• _ACTIVITY_
Restate word for word every line from the one containing "have S_noninc := @survival_nonincreasing" to the last line of the records below.

[Excerpts from a dataset]
Lemma seq_of_vertex v : is_vertex v -> seq_of v \in E8_vertices.
Proof.
case/andP => root /eqP vert_v; set c := seq_of v.
have size_c : size c = 8%N by rewrite size_map size_enum_ord.
rewrite mem_filter -size_c mem_ternary_seqs ?andbT; last first.
  by apply/allP => x /mapP [i _ ->]; exact: E8_root_entry.
rewrite -[v]seq_ofK -/c in root vert_v; rewrite is_E8_root_vec_of // andbT.
by rewrite vert_vec_of in vert_v; rewrite -{2}(vec_ofK size_c) -vert_v vec_ofK ?size_vertc.
Qed.

(* [enum 'I_4] does not reduce under [vm_compute]. *)
Definition ord4_enum : seq 'I_4 :=
  [:: @Ordinal 4 0 isT; @Ordinal 4 1 isT; @Ordinal 4 2 isT; @Ordinal 4 3 isT].

Definition L_elements : seq ('I_4 * 'I_4 * 'I_4) :=
  [seq (ab, c) | ab <- [seq (a, b) | a <- ord4_enum, b <- ord4_enum], c <- ord4_enum].

Lemma mem_L_elements m : m \in L_elements.
Proof.
have mem4 (a : 'I_4) : a \in ord4_enum by case: a => [[|[|[|[|//]]]] ?].
case: m => [[a b] c]; exact: (allpairs_f pair (allpairs_f pair (mem4 a) (mem4 b)) (mem4 c)).
Qed.

(* Vertices are handled through their indices in a list [V]; the action, the
   orbits and the orthogonality relation are tabulated, and the tables are
   passed as arguments so that [vm_compute] evaluates them only once. *)
Definition act_index (V : seq (seq int)) m (i : nat) : nat :=
  index (sigmac m (nth [::] V i)) V.
(* The errors of the doubling steps along x, 2x, 4x, ... add up to at most
   n C g(x) because g is nonincreasing. *)
Lemma survival_dyadic_decrement C X : 0 < C -> u0 <= X -> 0 <= X ->
  (forall t, X <= t -> S t - C * g t * S t <= S (t * 2)) ->
  forall x n, X <= x -> 1 - S (x * 2 ^+ n) / S x <= n%:R * (C * g x).
Proof.
move=> C0 u0X X0 step x n Xx.
have u0x : u0 <= x by exact: le_trans Xx.
suff : S x * (1 - n%:R * (C * g x)) <= S (x * 2 ^+ n).
  by rewrite mulrC -ler_pdivlMr //; lra.
elim: n => [|n IH]; first by rewrite mul0r subr0 mulr1 expr0 mulr1.
have xy : x <= x * 2 ^+ n by rewrite ler_peMr ?exprn_ege1 ?ler1n //; lra.
have := step _ (le_trans Xx xy); rewrite exprSr [x * (_ * 2)]mulrA.
have gyx := g_nonincreasing u0x xy; have Syx := S_nonincreasing xy.
have Sy0 := S_gt0 (x * 2 ^+ n); have gy0 := g_ge0 (le_trans u0x xy).
have : C * g (x * 2 ^+ n) * S (x * 2 ^+ n) <= C * g x * S x.
  have Cg := ler_wpM2l (ltW C0) gyx.
  apply: le_trans (ler_wpM2r (ltW Sy0) Cg) _.
  have Cgx0 := mulr_ge0 (ltW C0) (g_ge0 u0x).
  by have := ler_wpM2l Cgx0 Syx.
rewrite -[n.+1%:R]natr1; lra.
Qed.

End survival_decrement.

Theorem lemma3p3 (R : realType) (d : measure_display) (T : measurableType d)
  (P : probability T R) (sigma : nat -> {RV P >-> R}) (g k : R -> R) :
  (forall w, 0 < sigma 0%N w) ->
  (forall u : R, (0 < P [set w | (u < sigma 0%N w)%R])%E) ->
  (forall v : R, 0 < v ->
     (tailL P (sigma 0%N) (u * v) / tailL P (sigma 0%N) u) @[u --> +oo] --> (1:R)) ->
  {in `]0, +oo[, continuous (tailL P (sigma 0%N))} ->
  (g u) @[u --> +oo] --> (0:R) ->
  (exists u0 : R, forall a b : R, u0 <= a -> a <= b -> g b <= g a) ->
  (forall v : R, 0 < v ->
     ((tailL P (sigma 0%N) (u * v) / tailL P (sigma 0%N) u - 1) / g u)
       @[u --> +oo] --> k v) ->
  (exists v : R, 0 < v /\ k v != 0 /\ forall u : R, 0 < u -> k (u * v) != k u) ->
  iid_seq sigma ->
  exists c : R, 0 < c /\
    \forall x \near +oo,
      ('E_P[fun w => ((sigma (first_exceed (fun i => sigma i) x w) w)^-1)%R]
         < (c * x^-1 * g x)%R%:E)%E.
Proof.
move=> sigma0_gt0 tail_gt0 _ _ g_cvg0 [u0 g_noninc] ratio_cvg [v [v0 [kv _]]] iid.
pose S := survival P (sigma 0%N).
have S_gt0 u : 0 < S u by rewrite -lte_fin -survivalE.
have S_noninc := @survival_nonincreasing R d T P sigma.
have k_neq0 : exists2 v, 0 < v & k v != 0 by exists v.
have [C C0 [M [_ doubling]]] :=
  survival_double_ge S_gt0 S_noninc g_cvg0 g_noninc ratio_cvg k_neq0.
pose X := Num.max (Num.max u0 (M + 1)) 0.
have [u0X X0] : u0 <= X /\ 0 <= X by rewrite !le_max !lexx !orbT.
have MX : M < X by rewrite !lt_max ltrDl ltr01 orbT.
have decrement := survival_dyadic_decrement S_gt0 S_noninc g_cvg0 g_noninc C0 u0X X0
  (fun t Xt => doubling t (lt_le_trans MX Xt)).
exists (4 * C + 1); split; first by rewrite addr_gt0 ?mulr_gt0.
exists X; split=> [|x /= Xx]; first exact: num_real.
have x0 : 0 < x := le_lt_trans X0 Xx.
have gx0 : 0 < g x :=
  g_gt0 (S := S) g_cvg0 g_noninc ratio_cvg k_neq0 (ltW (le_lt_trans u0X Xx)).
apply: le_lt_trans (expectation_inv_first_exceed_le iid sigma0_gt0 x0 (S_gt0 x)) _.
apply: le_lt_trans (_ : _ <= (4 * (C * g x) / x)%:E)%E _.
  apply: nneseries_dyadic_le => // m; apply/andP; split; last exact: decrement (ltW Xx).
  rewrite subr_ge0 ler_pdivrMr // mul1r; apply: S_noninc.
  by rewrite ler_peMr ?exprn_ege1 ?ler1n // ltW.
rewrite lte_fin -subr_gt0 (_ : _ - _ = g x / x); last by ring.
by rewrite divr_gt0.
Qed.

• _RESPONSE_
have S_noninc := @survival_nonincreasing R d T P sigma.
have k_neq0 : exists2 v, 0 < v & k v != 0 by exists v.
have [C C0 [M [_ doubling]]] :=
  survival_double_ge S_gt0 S_noninc g_cvg0 g_noninc ratio_cvg k_neq0.
pose X := Num.max (Num.max u0 (M + 1)) 0.
have [u0X X0] : u0 <= X /\ 0 <= X by rewrite !le_max !lexx !orbT.
have MX : M < X by rewrite !lt_max ltrDl ltr01 orbT.
have decrement := survival_dyadic_decrement S_gt0 S_noninc g_cvg0 g_noninc C0 u0X X0
  (fun t Xt => doubling t (lt_le_trans MX Xt)).
exists (4 * C + 1); split; first by rewrite addr_gt0 ?mulr_gt0.
exists X; split=> [|x /= Xx]; first exact: num_real.
have x0 : 0 < x := le_lt_trans X0 Xx.
have gx0 : 0 < g x :=
  g_gt0 (S := S) g_cvg0 g_noninc ratio_cvg k_neq0 (ltW (le_lt_trans u0X Xx)).
apply: le_lt_trans (expectation_inv_first_exceed_le iid sigma0_gt0 x0 (S_gt0 x)) _.
apply: le_lt_trans (_ : _ <= (4 * (C * g x) / x)%:E)%E _.
  apply: nneseries_dyadic_le => // m; apply/andP; split; last exact: decrement (ltW Xx).
  rewrite subr_ge0 ler_pdivrMr // mul1r; apply: S_noninc.
  by rewrite ler_peMr ?exprn_ege1 ?ler1n // ltW.
rewrite lte_fin -subr_gt0 (_ : _ - _ = g x / x); last by ring.
by rewrite divr_gt0.
Qed.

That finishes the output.